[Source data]
——————

Lemma ler_nrm_ip_sqr u v : nrm (ip u v) <= (nrm u + nrm v) ^+ 2.
Proof.
have unit_le c : `|c| = 1 -> nrm (ip (u + c *: v) (u + c *: v)) <= (nrm u + nrm v) ^+ 2.
  move=> c1; rewrite nrm_ipxx ler_pXn2r ?nnegrE ?addr_ge0 ?nrm_ge0 //.
  by apply: le_trans (ler_nrmD _ _) _; rewrite nrmZ_unit.
have normi : `|'i : R[i]| = 1 by rewrite normc_def /= expr0n expr1n add0r sqrtr1.
have nrm4 : nrm ((4%:R : R[i]) *: ip u v) = 4%:R * nrm (ip u v) by rewrite nrmZ normr_nat.
rewrite -(@ler_pM2l _ 4%:R) // -nrm4 (polarization (fun c => ip_expand c u v)).
apply: le_trans (ler_nrmD _ _) _; rewrite nrmZ_unit //.
have diff_le c : `|c| = 1 -> nrm (ip (u + c *: v) (u + c *: v) - ip (u + (- c) *: v) (u + (- c) *: v))
    <= 2%:R * (nrm u + nrm v) ^+ 2.
  move=> c1; apply: le_trans (ler_nrmD _ _) _; rewrite nrmN mulr2n mulrDl mul1r.
  by rewrite lerD // unit_le // normrN.
have := diff_le 1 (normr1 _); have := diff_le 'i normi; lra.
Qed.

Lemma ler_nrm_ip u v : nrm (ip u v) <= 4%:R * nrm u * nrm v.
Proof.
have [u0|u_neq0] := eqVneq (nrm u) 0.
  have ip0v : ip 0 v = 0 by rewrite -(subrr v) ipBl subrr.
  by rewrite (nrm0_eq0 u0) ip0v !nrm0 mulr0 mul0r.
have [v0|v_neq0] := eqVneq (nrm v) 0.
  have ipu0 : ip u 0 = 0 by rewrite -(subrr u) ipBr subrr.
  by rewrite (nrm0_eq0 v0) ipu0 !nrm0 mulr0.
have u_gt0 : 0 < nrm u by rewrite lt0r u_neq0 nrm_ge0.
have v_gt0 : 0 < nrm v by rewrite lt0r v_neq0 nrm_ge0.
(* Rescale [u] and [v] so that they get the same norm [sqrt (nrm u * nrm v)]. *)
set t := Num.sqrt (nrm v / nrm u).
have t_gt0 : 0 < t by rewrite sqrtr_gt0 divr_gt0.
have t2 : t ^+ 2 = nrm v / nrm u by rewrite sqr_sqrtr // ltW // divr_gt0.
have -> : ip u v = ip (t%:C *: u) (t^-1%:C *: v).
  by rewrite ipZl ipZr conjc_real scalerA -rmorphM mulfV ?gt_eqF // scale1r.
apply: le_trans (ler_nrm_ip_sqr _ _) _.
rewrite !nrmZr !ger0_norm ?invr_ge0 ?(ltW t_gt0) // sqrrD !exprMn exprVn t2.
rewrite le_eqVlt; apply/orP; left; apply/eqP; field.
by rewrite -/(nrm u) -/(nrm v) u_neq0 v_neq0 gt_eqF.
Qed.

Lemma ler_nrm_act_ip u v w :
  nrm (act (ip u v) w) <= 4%:R * nrm u * nrm v * nrm w.
Proof.
apply: le_trans (ler_nrm_act _ _) _.
by rewrite ler_wpM2r ?nrm_ge0 ?ler_nrm_ip.
Qed.

End HilbertModule.

Section UnitScalable.
Variables (R : realType) (U V : lmodType R[i]) (h : U -> V).
Hypothesis hD : {morph h : x y / x + y}.
Hypothesis hZ_unit : forall (mu : R[i]) x, `|mu| = 1 -> h (mu *: x) = mu *: h x.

——————

Give all of the lines above again, exactly as they are.

Exercise solution:
Lemma ler_nrm_ip_sqr u v : nrm (ip u v) <= (nrm u + nrm v) ^+ 2.
Proof.
have unit_le c : `|c| = 1 -> nrm (ip (u + c *: v) (u + c *: v)) <= (nrm u + nrm v) ^+ 2.
  move=> c1; rewrite nrm_ipxx ler_pXn2r ?nnegrE ?addr_ge0 ?nrm_ge0 //.
  by apply: le_trans (ler_nrmD _ _) _; rewrite nrmZ_unit.
have normi : `|'i : R[i]| = 1 by rewrite normc_def /= expr0n expr1n add0r sqrtr1.
have nrm4 : nrm ((4%:R : R[i]) *: ip u v) = 4%:R * nrm (ip u v) by rewrite nrmZ normr_nat.
rewrite -(@ler_pM2l _ 4%:R) // -nrm4 (polarization (fun c => ip_expand c u v)).
apply: le_trans (ler_nrmD _ _) _; rewrite nrmZ_unit //.
have diff_le c : `|c| = 1 -> nrm (ip (u + c *: v) (u + c *: v) - ip (u + (- c) *: v) (u + (- c) *: v))
    <= 2%:R * (nrm u + nrm v) ^+ 2.
  move=> c1; apply: le_trans (ler_nrmD _ _) _; rewrite nrmN mulr2n mulrDl mul1r.
  by rewrite lerD // unit_le // normrN.
have := diff_le 1 (normr1 _); have := diff_le 'i normi; lra.
Qed.

Lemma ler_nrm_ip u v : nrm (ip u v) <= 4%:R * nrm u * nrm v.
Proof.
have [u0|u_neq0] := eqVneq (nrm u) 0.
  have ip0v : ip 0 v = 0 by rewrite -(subrr v) ipBl subrr.
  by rewrite (nrm0_eq0 u0) ip0v !nrm0 mulr0 mul0r.
have [v0|v_neq0] := eqVneq (nrm v) 0.
  have ipu0 : ip u 0 = 0 by rewrite -(subrr u) ipBr subrr.
  by rewrite (nrm0_eq0 v0) ipu0 !nrm0 mulr0.
have u_gt0 : 0 < nrm u by rewrite lt0r u_neq0 nrm_ge0.
have v_gt0 : 0 < nrm v by rewrite lt0r v_neq0 nrm_ge0.
(* Rescale [u] and [v] so that they get the same norm [sqrt (nrm u * nrm v)]. *)
set t := Num.sqrt (nrm v / nrm u).
have t_gt0 : 0 < t by rewrite sqrtr_gt0 divr_gt0.
have t2 : t ^+ 2 = nrm v / nrm u by rewrite sqr_sqrtr // ltW // divr_gt0.
have -> : ip u v = ip (t%:C *: u) (t^-1%:C *: v).
  by rewrite ipZl ipZr conjc_real scalerA -rmorphM mulfV ?gt_eqF // scale1r.
apply: le_trans (ler_nrm_ip_sqr _ _) _.
rewrite !nrmZr !ger0_norm ?invr_ge0 ?(ltW t_gt0) // sqrrD !exprMn exprVn t2.
rewrite le_eqVlt; apply/orP; left; apply/eqP; field.
by rewrite -/(nrm u) -/(nrm v) u_neq0 v_neq0 gt_eqF.
Qed.

Lemma ler_nrm_act_ip u v w :
  nrm (act (ip u v) w) <= 4%:R * nrm u * nrm v * nrm w.
Proof.
apply: le_trans (ler_nrm_act _ _) _.
by rewrite ler_wpM2r ?nrm_ge0 ?ler_nrm_ip.
Qed.

End HilbertModule.

Section UnitScalable.
Variables (R : realType) (U V : lmodType R[i]) (h : U -> V).
Hypothesis hD : {morph h : x y / x + y}.
Hypothesis hZ_unit : forall (mu : R[i]) x, `|mu| = 1 -> h (mu *: x) = mu *: h x.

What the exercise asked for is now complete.